Are Workers with Disabilities Seeing Long-Delayed Employment Improvement? 2016 Labor Report

Workers on the margins of the labor pool often get a second look as the job market heats up. After years of steady job creation, are we now at that point in the business cycle?
Even amid the recent uptick, the share of disabled workers has still seen a long-term decline
article by ANNA LOUIE SUSSMAN, for The Wall Street Journal | June 22, 2016
A new report from the Labor Department suggests the answer could be “yes.” For working-age persons with disabilities, rates of employment and labor-force participation increased between 2014 and 2015, following steady declines in both measures in the period following the recession, through roughly the end of 2014. (The report’s figures are not adjusted for seasonality.)
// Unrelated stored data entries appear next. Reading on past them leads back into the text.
(* Let $a_0=0$ and let $a_1<a_2<\cdots$ be the increasing enumeration of $\{m\ge1:\ c_m=1\}$. Then $$\liminf_{n\to\infty}\frac{a_n}{n^2}=\frac16,\qquad \limsup_{n\to\infty}\frac{a_n}{n^2}=\frac12,$$ and the set $\left\{\frac{a_n}{n^2}:\ n\ge1\right\}$ is dense (in the Euclidean topology) in the interval $\left[\frac16,\frac12\right]$.
   Context: For $n\in\mathbb{N}$ let $s_2(n)$ be the sum of the binary digits of $n$ and $t_n=s_2(n)\bmod 2$ (the Prouhet–Thue–Morse sequence). Let $F(X)=\sum_{n\ge1}t_nX^n\in\mathbb{F}_2[[X]]$ and let $G(X)=\sum_{n\ge1}c_nX^n\in\mathbb{F}_2[[X]]$ be its compositional inverse, i.e. $F(G(X))=G(F(X))=X$. The $c_n$ are identified with integers in $\{0,1\}$. *)

From HB Require Import structures.
From mathcomp Require Import all_boot all_order all_algebra.
From mathcomp Require Import all_classical all_reals all_analysis.
Set Implicit Arguments. Unset Strict Implicit. Unset Printing Implicit Defensive.
Import Order.TTheory GRing.Theory Num.Theory.
Local Open Scope ring_scope.

(* s_2(n): sum of binary digits of n (bits beyond position n are zero). *)
Definition s2 (n : nat) : nat := (\sum_(i < n.+1) ((n %/ 2 ^ i) %% 2))%N.

Definition tm (n : nat) : 'F_2 := ((s2 n) %% 2)%:R.

(* Truncation of F(X) = sum_{n>=1} t_n X^n to degree N (t_0 = 0 anyway). *)
Definition Ftrunc (N : nat) : {poly 'F_2} := \poly_(i < N.+1) (if i == 0%N then 0 else tm i).

Definition Gtrunc (c : nat -> 'F_2) (N : nat) : {poly 'F_2} := \poly_(i < N.+1) c i.

(* G = sum_{n>=1} c_n X^n is the compositional inverse of F in F_2[[X]]:
   G has no constant term and F(G(X)) = G(F(X)) = X.  Since F and G have zero
   constant term, the coefficient of X^i (i <= N) of the formal composition
   only depends on the coefficients of degree <= N, so it can be computed
   on the degree-N truncations. *)
Definition is_comp_inverse (c : nat -> 'F_2) : Prop :=
  c 0%N = 0 /\
  forall N i : nat, (i <= N)%N ->
    ((Ftrunc N) \Po (Gtrunc c N))`_i = (i == 1%N)%:R /\
    ((Gtrunc c N) \Po (Ftrunc N))`_i = (i == 1%N)%:R.

Definition is_enum (c : nat -> 'F_2) (a : nat -> nat) : Prop :=
  a 0%N = 0%N /\
  (forall n, (a n < a n.+1)%N) /\
  (forall m, (0 < m)%N -> (c m = 1 <-> exists n, (0 < n)%N /\ a n = m)).

Definition a_ratio (R : realType) (a : nat -> nat) (n : nat) : R :=
  (a n)%:R / (n ^ 2)%:R.

(* Since t_{2n} = t_n and t_{2n+1} = 1 + t_n, the series F satisfies
   (1 + X)^2 F + (1 + X)^3 F^2 = X over F_2.  Substituting G, the inverse is the
   unique G with (1 + G)^2 X + (1 + G)^3 X^2 = G, i.e. (1 + X + X G)^3 = 1 + X.
   Let Q be the series of the spread numbers (binary expansions read in base 4).
   Then Q = (1 + X) Q^4, so P = Q(X^8) satisfies (1 + X)^8 P^3 = 1, and
   1 + X + X G = (1 + X)^3 P.  Hence c_m = 1 iff m > 0, (m + 1) mod 8 < 4 and
   (m + 1) div 8 is a spread number, i.e. a_n = 8 s(q) + r - 1 where n + 1 = 4 q + r
   with r < 4 and s(q) the spread of q.  Since (q^2 + 2 q)/3 <= s(q) <= q^2, with
   equality at q = 2^k - 1 and at q = 2^k respectively, a_n/n^2 has liminf 1/6 and
   limsup 1/2; as a_n increases, a_n/n^2 drops by O(1/n) at most in one step, so
   it passes close to every point of [1/6, 1/2]. *)

From HB Require Import structures.
From mathcomp Require Import all_boot all_order all_algebra.
From mathcomp Require Import all_classical all_reals all_analysis.
From mathcomp Require Import zify ring lra.
Import Order.TTheory GRing.Theory Num.Theory numFieldNormedType.Exports.
Local Open Scope classical_set_scope.
Local Open Scope ring_scope.
Set Implicit Arguments.
Unset Strict Implicit.
Unset Printing Implicit Defensive.

Reserved Notation "p = q %[modX n ]"
  (at level 70, q at next level, format "p  =  q  %[modX  n ]").

Definition eqX {F : fieldType} (n : nat) (p q : {poly F}) := 'X^n %| p - q.
Notation "p = q %[modX n ]" := (eqX n p q) : ring_scope.

Section CongruenceModXn.
Variable F : fieldType.
Implicit Types p q r g : {poly F}.

Lemma eqX_coef n p q : p = q %[modX n] <-> forall i, (i < n)%N -> p`_i = q`_i.
Proof.
split=> [/dvdpP [r pqE] i lt_in | Epq].
  by apply/eqP; rewrite -subr_eq0 -coefB pqE coefMXn lt_in.
apply/dvdpP; exists (drop_poly n (p - q)).
rewrite -[LHS](poly_take_drop n) [take_poly _ _](_ : _ = 0) ?add0r //.
apply/polyP => i; rewrite coef_take_poly coef0 coefB.
by case: ifP => // /Epq ->; rewrite subrr.
Qed.

Lemma eqX_refl n p : p = p %[modX n].
Proof. by rewrite /eqX subrr dvdp0. Qed.

Lemma eqX_sym n p q : p = q %[modX n] -> q = p %[modX n].
Proof. by rewrite /eqX -opprB dvdpNr. Qed.

Lemma eqX_trans n p q r : p = q %[modX n] -> q = r %[modX n] -> p = r %[modX n].
Proof. by move=> Hpq Hqr; rewrite /eqX -(subrK q p) -addrA; apply: dvdp_add. Qed.

Lemma eqX_sub0 n p q : p = q %[modX n] <-> p - q = 0 %[modX n].
Proof. by rewrite /eqX subr0. Qed.

Lemma eqX_add n p q p' q' :
  p = q %[modX n] -> p' = q' %[modX n] -> p + p' = q + q' %[modX n].
Proof. by move=> Epq Epq'; rewrite /eqX opprD addrACA; apply: dvdp_add. Qed.

Lemma eqX_opp n p q : p = q %[modX n] -> - p = - q %[modX n].
Proof. by rewrite /eqX -opprD dvdpNr. Qed.

Lemma eqX_mul n p q p' q' :
  p = q %[modX n] -> p' = q' %[modX n] -> p * p' = q * q' %[modX n].
Proof.
move=> Epq Epq'; rewrite /eqX.
have -> : p * p' - q * q' = (p - q) * p' + q * (p' - q') by ring.
by apply: dvdp_add; [apply: dvdp_mulr | apply: dvdp_mull].
Qed.

Lemma eqX_exp n p q k : p = q %[modX n] -> p ^+ k = q ^+ k %[modX n].
Proof.
by move=> Epq; elim: k => [|k IH]; rewrite ?eqX_refl // !exprS eqX_mul.
Qed.

Lemma eqX_leq m n p q : (m <= n)%N -> p = q %[modX n] -> p = q %[modX m].
Proof. by move=> le_mn; apply: dvdp_trans; rewrite dvdp_exp2l. Qed.

Lemma dvdXp p : ('X %| p) = (p.[0] == 0).
Proof. by rewrite -(subr0 'X) -polyC0 dvdp_XsubCl rootE. Qed.

Lemma eqX_comp n p q g : 'X %| g -> p = q %[modX n] -> p \Po g = q \Po g %[modX n].
Proof.
move=> /dvdpP [g' ->] /dvdpP [r pqE]; rewrite /eqX -comp_polyB pqE comp_polyM.
by rewrite comp_Xn_poly exprMn dvdp_mull // dvdp_mulIr.
Qed.

Lemma eqX_compXn m d p q :
  p = q %[modX m] -> p \Po 'X^d = q \Po 'X^d %[modX m * d].
Proof.
move=> /dvdpP [r pqE]; rewrite /eqX -comp_polyB pqE comp_polyM comp_Xn_poly.
by rewrite -exprM mulnC dvdp_mulIr.
Qed.

Lemma eqX_cancel n p q : q`_0 != 0 -> p * q = 0 %[modX n] -> p = 0 %[modX n].
Proof.
move=> q0; rewrite /eqX !subr0 Gauss_dvdpl // coprimep_expl //.
by rewrite coprimep_sym coprimepX rootE horner_coef0.
Qed.

Lemma eqX_cancelX n p q : 'X * p = 'X * q %[modX n.+1] -> p = q %[modX n].
Proof. by rewrite /eqX -mulrBr exprS dvdp_mul2l ?polyX_eq0. Qed.

End CongruenceModXn.

Section PolyF2.
Implicit Types p q : {poly 'F_2}.

Lemma pchar2_poly_F2 : (2 \in [pchar {poly 'F_2}])%N.
Proof. by rewrite pchar_poly pchar_Fp. Qed.

Lemma addrr_F2 (x : 'F_2) : x + x = 0.
Proof. exact: (addrr_pchar2 (pchar_Fp _)). Qed.

Lemma addrr_F2poly p : p + p = 0.
Proof. exact: (addrr_pchar2 pchar2_poly_F2). Qed.

Lemma oppr_F2 p : - p = p.
Proof. exact: (oppr_pchar2 pchar2_poly_F2). Qed.

Lemma sqrrD_F2 p q : (p + q) ^+ 2 = p ^+ 2 + q ^+ 2.
Proof. by rewrite sqrrD mulr2n addrr_F2poly addr0. Qed.

Lemma natr_F2_eq1 (b : bool) : (b%:R : 'F_2) = 1 <-> b.
Proof. by case: b. Qed.

Lemma sqr_F2 (x : 'F_2) : x ^+ 2 = x.
Proof. by case: x => [[|[|//]]] ?; apply: val_inj. Qed.

Lemma sqr_poly_F2 p : p ^+ 2 = p \Po 'X^2.
Proof.
elim/poly_ind: p => [|p c IH]; first by rewrite expr0n comp_poly0.
by rewrite comp_poly_MXaddC -IH sqrrD_F2 exprMn -polyC_exp sqr_F2.
Qed.

Lemma exp2n_poly_F2 p k : p ^+ (2 ^ k) = p \Po 'X^(2 ^ k).
Proof.
elim: k => [|k IH]; first by rewrite expn0 comp_polyXr.
by rewrite expnSr exprM IH sqr_poly_F2 -comp_polyA comp_Xn_poly -exprM mulnC.
Qed.

Lemma X1_exp8_F2 : (1 + 'X : {poly 'F_2}) ^+ 8 = 1 + 'X^8.
Proof. by rewrite (exp2n_poly_F2 _ 3) comp_polyD comp_polyX -polyC1 comp_polyC. Qed.

End PolyF2.

Definition weighted_bits (w : nat -> nat) (n : nat) : nat :=
  (\sum_(i < n.+1) (n %/ 2 ^ i %% 2) * w i)%N.

Lemma weighted_bits_wide w n M : (n < M)%N ->
  weighted_bits w n = (\sum_(i < M) (n %/ 2 ^ i %% 2) * w i)%N.
Proof.
elim: M => // M IH; rewrite ltnS leq_eqVlt => /orP [/eqP <- // | lt_nM].
rewrite big_ord_recr /= -(IH lt_nM) divn_small ?mod0n ?addn0 //.
exact: ltn_trans lt_nM (ltn_expl _ _).
Qed.

Lemma weighted_bits_rec w n :
  weighted_bits w n = (n %% 2 * w 0%N + weighted_bits (fun i => w i.+1) (n %/ 2))%N.
Proof.
rewrite (@weighted_bits_wide w n n.+2) // big_ord_recl /= expn0 divn1.
rewrite (@weighted_bits_wide _ (n %/ 2) n.+1) ?ltnS ?leq_div //.
by congr addn; apply: eq_bigr => i _; rewrite /bump /= add1n expnS divnMA.
Qed.

Lemma s2_rec n : s2 n = (n %% 2 + s2 (n %/ 2))%N.
Proof.
have s2E m : s2 m = weighted_bits (fun=> 1%N) m.
  by apply: eq_bigr => i _; rewrite muln1.
by rewrite !s2E weighted_bits_rec muln1.
Qed.

Lemma tmE n : tm n = (s2 n)%:R.
Proof. by rewrite /tm Fp_nat_mod. Qed.

Lemma tm_rec n : tm n = (n %% 2)%:R + tm (n %/ 2).
Proof. by rewrite !tmE s2_rec natrD. Qed.

Lemma tm0 : tm 0 = 0.
Proof. by rewrite /tm /s2 big_ord1. Qed.

Lemma coef_Ftrunc N k : (Ftrunc N)`_k = if (k < N.+1)%N then tm k else 0.
Proof. by rewrite coef_poly; case: ifP => //; case: eqP => // ->; rewrite tm0. Qed.

Lemma coef_Ftrunc_sqr N k : (k < N.+1)%N ->
  (Ftrunc N ^+ 2)`_k = if odd k then 0 else tm k./2.
Proof.
move=> lt_kN; rewrite sqr_poly_F2 coef_comp_poly_Xn // dvdn2 divn2 coef_Ftrunc.
by case: (odd k) => //=; rewrite (leq_ltn_trans _ lt_kN) // -divn2 leq_div.
Qed.

Definition even_series (M : nat) : {poly 'F_2} := \poly_(i < M) (~~ odd i)%:R.

Lemma X1sqr_even_series M : (1 + 'X) ^+ 2 * even_series M = 1 %[modX M].
Proof.
apply/eqX_coef => k lt_kM; rewrite sqrrD_F2 expr1n mulrDl mul1r coefD coefXnM coef1.
rewrite !coef_poly lt_kM.
case: k lt_kM => [|[|k]] lt_kM //=; rewrite ?addr0 //.
by rewrite subn2 /= (ltn_trans _ lt_kM) // negbK addrr_F2.
Qed.

(* From t_{2n} = t_n and t_{2n+1} = 1 + t_n. *)
Lemma Ftrunc_decomp N :
  Ftrunc N = (1 + 'X) * Ftrunc N ^+ 2 + 'X * even_series N.+1 %[modX N.+1].
Proof.
apply/eqX_coef => k lt_kN; rewrite coef_Ftrunc lt_kN mulrDl mul1r !coefD.
rewrite !coefXM coef_Ftrunc_sqr // coef_poly.
case: k lt_kN => [|k] lt_kN; first by rewrite /= tm0 !addr0.
rewrite /= coef_Ftrunc_sqr ?(ltn_trans _ lt_kN) // tm_rec modn2 divn2 /=.
case odd_k: (odd k) => /=; first by rewrite add0r !addr0.
by rewrite add0r addrC uphalf_half odd_k.
Qed.

Definition tm_quad (u v : {poly 'F_2}) := (1 + u) ^+ 2 * v + (1 + u) ^+ 3 * v ^+ 2.

Lemma eqX_tm_quad n u v v' : v = v' %[modX n] -> tm_quad u v = tm_quad u v' %[modX n].
Proof. by move=> Evv'; apply: eqX_add; apply: eqX_mul; rewrite ?eqX_refl ?eqX_exp. Qed.

Lemma Ftrunc_quadratic N : tm_quad 'X (Ftrunc N) = 'X %[modX N.+1].
Proof.
rewrite /tm_quad.
set F := Ftrunc N; set u : {poly 'F_2} := 1 + 'X.
have Fu2 : u ^+ 2 * F = u ^+ 3 * F ^+ 2 + 'X * (u ^+ 2 * even_series N.+1) %[modX N.+1].
  have -> : u ^+ 3 * F ^+ 2 + 'X * (u ^+ 2 * even_series N.+1)
          = u ^+ 2 * ((1 + 'X) * F ^+ 2 + 'X * even_series N.+1) by rewrite /u; ring.
  exact: eqX_mul (eqX_refl _ _) (Ftrunc_decomp N).
have Fu2X := eqX_trans Fu2 (eqX_add (eqX_refl _ _) (eqX_mul (eqX_refl _ 'X) (X1sqr_even_series _))).
have := eqX_add Fu2X (eqX_refl _ (u ^+ 3 * F ^+ 2)).
by rewrite mulr1 addrAC addrr_F2poly add0r.
Qed.

Definition solves_cubic (N : nat) (G : {poly 'F_2}) := tm_quad G 'X = G %[modX N.+1].

Lemma coef_Gtrunc c N k : (Gtrunc c N)`_k = if (k < N.+1)%N then c k else 0.
Proof. exact: coef_poly. Qed.

Lemma dvdX_Ftrunc N : 'X %| Ftrunc N.
Proof. by rewrite dvdXp horner_coef0 coef_Ftrunc /= tm0. Qed.

Lemma dvdX_Gtrunc c N : c 0%N = 0 -> 'X %| Gtrunc c N.
Proof. by move=> c0; rewrite dvdXp horner_coef0 coef_Gtrunc /= c0. Qed.

Lemma comp_Ftrunc_quadratic N G : 'X %| G ->
  tm_quad G (Ftrunc N \Po G) = G %[modX N.+1].
Proof.
move=> XG; have := eqX_comp XG (Ftrunc_quadratic N).
by rewrite /tm_quad !(comp_polyD, comp_polyM, rmorphXn) comp_polyX -polyC1 comp_polyC.
Qed.

Lemma solves_cubic_unique N G1 G2 :
  solves_cubic N G1 -> solves_cubic N G2 -> G1 = G2 %[modX N.+1].
Proof.
move=> cubic1 cubic2; apply/eqX_sub0.
pose K := 'X * (2%:R + G1 + G2)
  + 'X ^+ 2 * ((1 + G1) ^+ 2 + (1 + G1) * (1 + G2) + (1 + G2) ^+ 2) - 1.
apply: (@eqX_cancel _ _ _ K).
  by rewrite -horner_coef0 !hornerE expr2 !mul0r !add0r oppr_eq0 oner_eq0.
have /eqX_sub0 := eqX_add cubic1 (eqX_opp cubic2).
by congr eqX; rewrite /tm_quad /K; ring.
Qed.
For example, men aged 16-64 with a disability saw their employment-to-population ratio, or the share of the overall population that is employed, fall from an average of 31.7% in 2009 to 28.1% in 2014. In May it hit 32%, up sharply from 30.1% in May 2015. For their non-disabled peers, the same measure hit bottom in 2010 and has risen each year since.

In one sense, the sluggish recovery of persons with disabilities so long after the recession ended reflects similar experiences among other workers on the fringes of the labor market. Workers who are 25 years and older and have less than a high school diploma, for instance, saw their labor-force participation start rising again only in 2015.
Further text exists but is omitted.